→ **Data to process**
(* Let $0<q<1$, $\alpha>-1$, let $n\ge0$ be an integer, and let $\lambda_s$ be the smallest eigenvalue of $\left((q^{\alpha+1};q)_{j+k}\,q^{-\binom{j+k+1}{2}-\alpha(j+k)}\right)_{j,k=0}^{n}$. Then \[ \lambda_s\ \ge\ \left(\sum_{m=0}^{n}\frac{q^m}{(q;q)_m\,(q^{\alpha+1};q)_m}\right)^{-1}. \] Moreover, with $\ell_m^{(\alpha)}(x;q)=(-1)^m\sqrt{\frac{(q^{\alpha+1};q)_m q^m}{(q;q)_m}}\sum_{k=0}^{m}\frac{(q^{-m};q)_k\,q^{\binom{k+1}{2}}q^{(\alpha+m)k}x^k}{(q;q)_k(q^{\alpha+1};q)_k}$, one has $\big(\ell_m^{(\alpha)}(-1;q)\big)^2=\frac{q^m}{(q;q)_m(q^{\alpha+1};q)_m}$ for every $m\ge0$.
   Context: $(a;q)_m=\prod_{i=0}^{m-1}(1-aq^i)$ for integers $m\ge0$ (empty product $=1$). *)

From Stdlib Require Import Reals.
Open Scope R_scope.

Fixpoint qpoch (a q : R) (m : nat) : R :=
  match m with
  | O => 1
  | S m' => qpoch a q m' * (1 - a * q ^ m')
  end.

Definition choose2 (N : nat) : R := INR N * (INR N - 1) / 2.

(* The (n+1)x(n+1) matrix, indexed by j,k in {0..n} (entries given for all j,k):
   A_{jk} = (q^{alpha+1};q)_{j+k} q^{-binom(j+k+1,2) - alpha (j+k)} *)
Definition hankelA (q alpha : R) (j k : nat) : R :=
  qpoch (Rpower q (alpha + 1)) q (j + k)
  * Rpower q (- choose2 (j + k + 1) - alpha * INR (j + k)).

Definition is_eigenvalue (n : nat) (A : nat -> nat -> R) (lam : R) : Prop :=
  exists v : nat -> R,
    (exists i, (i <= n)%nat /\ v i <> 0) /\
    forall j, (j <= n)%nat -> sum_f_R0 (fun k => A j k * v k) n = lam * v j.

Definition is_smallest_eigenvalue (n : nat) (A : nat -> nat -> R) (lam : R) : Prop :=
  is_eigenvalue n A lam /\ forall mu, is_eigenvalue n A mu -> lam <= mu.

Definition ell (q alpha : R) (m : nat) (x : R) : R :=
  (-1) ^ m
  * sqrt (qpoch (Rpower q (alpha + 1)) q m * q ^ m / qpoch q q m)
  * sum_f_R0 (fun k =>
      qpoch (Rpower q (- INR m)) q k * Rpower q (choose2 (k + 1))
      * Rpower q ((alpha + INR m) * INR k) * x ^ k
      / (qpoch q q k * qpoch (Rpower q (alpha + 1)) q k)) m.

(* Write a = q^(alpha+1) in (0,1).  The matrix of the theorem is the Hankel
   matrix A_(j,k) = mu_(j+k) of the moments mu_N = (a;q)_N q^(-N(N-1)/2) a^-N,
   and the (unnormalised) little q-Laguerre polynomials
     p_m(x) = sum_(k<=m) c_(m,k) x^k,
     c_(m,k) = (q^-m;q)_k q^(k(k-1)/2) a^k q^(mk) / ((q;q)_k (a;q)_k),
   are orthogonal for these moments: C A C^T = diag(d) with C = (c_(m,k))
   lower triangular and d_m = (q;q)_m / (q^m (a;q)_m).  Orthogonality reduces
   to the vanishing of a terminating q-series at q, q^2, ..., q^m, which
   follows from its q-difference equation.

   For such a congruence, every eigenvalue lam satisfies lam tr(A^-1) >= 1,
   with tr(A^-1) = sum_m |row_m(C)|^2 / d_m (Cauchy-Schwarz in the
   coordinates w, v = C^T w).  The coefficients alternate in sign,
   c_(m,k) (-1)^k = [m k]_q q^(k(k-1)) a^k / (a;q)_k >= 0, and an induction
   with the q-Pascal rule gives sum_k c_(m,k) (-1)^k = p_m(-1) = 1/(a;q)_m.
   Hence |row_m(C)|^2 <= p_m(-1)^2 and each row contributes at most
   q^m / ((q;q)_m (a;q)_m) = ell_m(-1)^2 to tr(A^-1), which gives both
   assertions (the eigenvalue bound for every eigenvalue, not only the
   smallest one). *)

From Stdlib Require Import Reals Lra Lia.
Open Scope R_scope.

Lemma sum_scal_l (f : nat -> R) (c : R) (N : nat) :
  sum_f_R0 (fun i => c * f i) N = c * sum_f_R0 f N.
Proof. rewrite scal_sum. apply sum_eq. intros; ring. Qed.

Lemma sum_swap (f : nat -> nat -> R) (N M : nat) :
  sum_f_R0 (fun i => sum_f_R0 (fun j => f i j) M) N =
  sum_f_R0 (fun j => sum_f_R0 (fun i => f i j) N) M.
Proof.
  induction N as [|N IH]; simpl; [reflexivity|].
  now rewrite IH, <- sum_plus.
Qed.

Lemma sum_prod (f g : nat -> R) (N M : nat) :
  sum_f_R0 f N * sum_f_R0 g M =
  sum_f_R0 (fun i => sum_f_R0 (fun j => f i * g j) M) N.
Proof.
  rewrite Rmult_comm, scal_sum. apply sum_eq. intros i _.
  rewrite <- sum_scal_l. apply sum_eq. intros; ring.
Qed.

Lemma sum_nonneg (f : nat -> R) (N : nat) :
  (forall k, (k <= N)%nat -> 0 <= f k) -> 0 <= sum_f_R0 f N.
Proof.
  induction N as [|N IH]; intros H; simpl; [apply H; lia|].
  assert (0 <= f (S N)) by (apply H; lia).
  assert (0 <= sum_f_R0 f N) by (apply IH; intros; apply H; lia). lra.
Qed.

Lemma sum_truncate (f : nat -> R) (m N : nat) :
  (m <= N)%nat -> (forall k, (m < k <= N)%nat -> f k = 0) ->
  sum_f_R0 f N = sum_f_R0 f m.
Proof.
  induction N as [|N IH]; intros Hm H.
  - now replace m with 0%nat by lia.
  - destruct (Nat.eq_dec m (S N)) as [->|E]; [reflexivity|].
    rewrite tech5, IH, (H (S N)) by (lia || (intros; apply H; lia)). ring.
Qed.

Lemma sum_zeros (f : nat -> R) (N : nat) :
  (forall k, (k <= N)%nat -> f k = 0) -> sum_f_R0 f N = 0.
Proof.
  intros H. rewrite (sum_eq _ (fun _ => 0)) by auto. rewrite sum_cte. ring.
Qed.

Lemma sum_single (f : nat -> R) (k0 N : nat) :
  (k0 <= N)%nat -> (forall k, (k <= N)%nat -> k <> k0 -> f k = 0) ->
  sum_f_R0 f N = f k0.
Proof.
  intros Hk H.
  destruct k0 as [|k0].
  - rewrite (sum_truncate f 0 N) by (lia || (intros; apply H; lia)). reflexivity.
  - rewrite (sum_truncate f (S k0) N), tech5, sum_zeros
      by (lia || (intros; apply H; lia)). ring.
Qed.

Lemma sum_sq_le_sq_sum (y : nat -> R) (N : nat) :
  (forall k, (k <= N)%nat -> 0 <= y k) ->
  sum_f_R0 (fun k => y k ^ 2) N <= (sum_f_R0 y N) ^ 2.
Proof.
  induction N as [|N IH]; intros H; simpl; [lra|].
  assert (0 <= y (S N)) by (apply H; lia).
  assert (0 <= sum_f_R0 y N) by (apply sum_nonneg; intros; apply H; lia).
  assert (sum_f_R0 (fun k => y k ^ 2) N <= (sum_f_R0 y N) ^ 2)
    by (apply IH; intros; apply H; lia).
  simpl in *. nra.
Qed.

→ **What you are asked to do**
The lines from the one holding "intros Hk H." to the last line of the entries, both included: retype them exactly and give nothing else.

→ **Exercise output**
  intros Hk H.
  destruct k0 as [|k0].
  - rewrite (sum_truncate f 0 N) by (lia || (intros; apply H; lia)). reflexivity.
  - rewrite (sum_truncate f (S k0) N), tech5, sum_zeros
      by (lia || (intros; apply H; lia)). ring.
Qed.

Lemma sum_sq_le_sq_sum (y : nat -> R) (N : nat) :
  (forall k, (k <= N)%nat -> 0 <= y k) ->
  sum_f_R0 (fun k => y k ^ 2) N <= (sum_f_R0 y N) ^ 2.
Proof.
  induction N as [|N IH]; intros H; simpl; [lra|].
  assert (0 <= y (S N)) by (apply H; lia).
  assert (0 <= sum_f_R0 y N) by (apply sum_nonneg; intros; apply H; lia).
  assert (sum_f_R0 (fun k => y k ^ 2) N <= (sum_f_R0 y N) ^ 2)
    by (apply IH; intros; apply H; lia).
  simpl in *. nra.
Qed.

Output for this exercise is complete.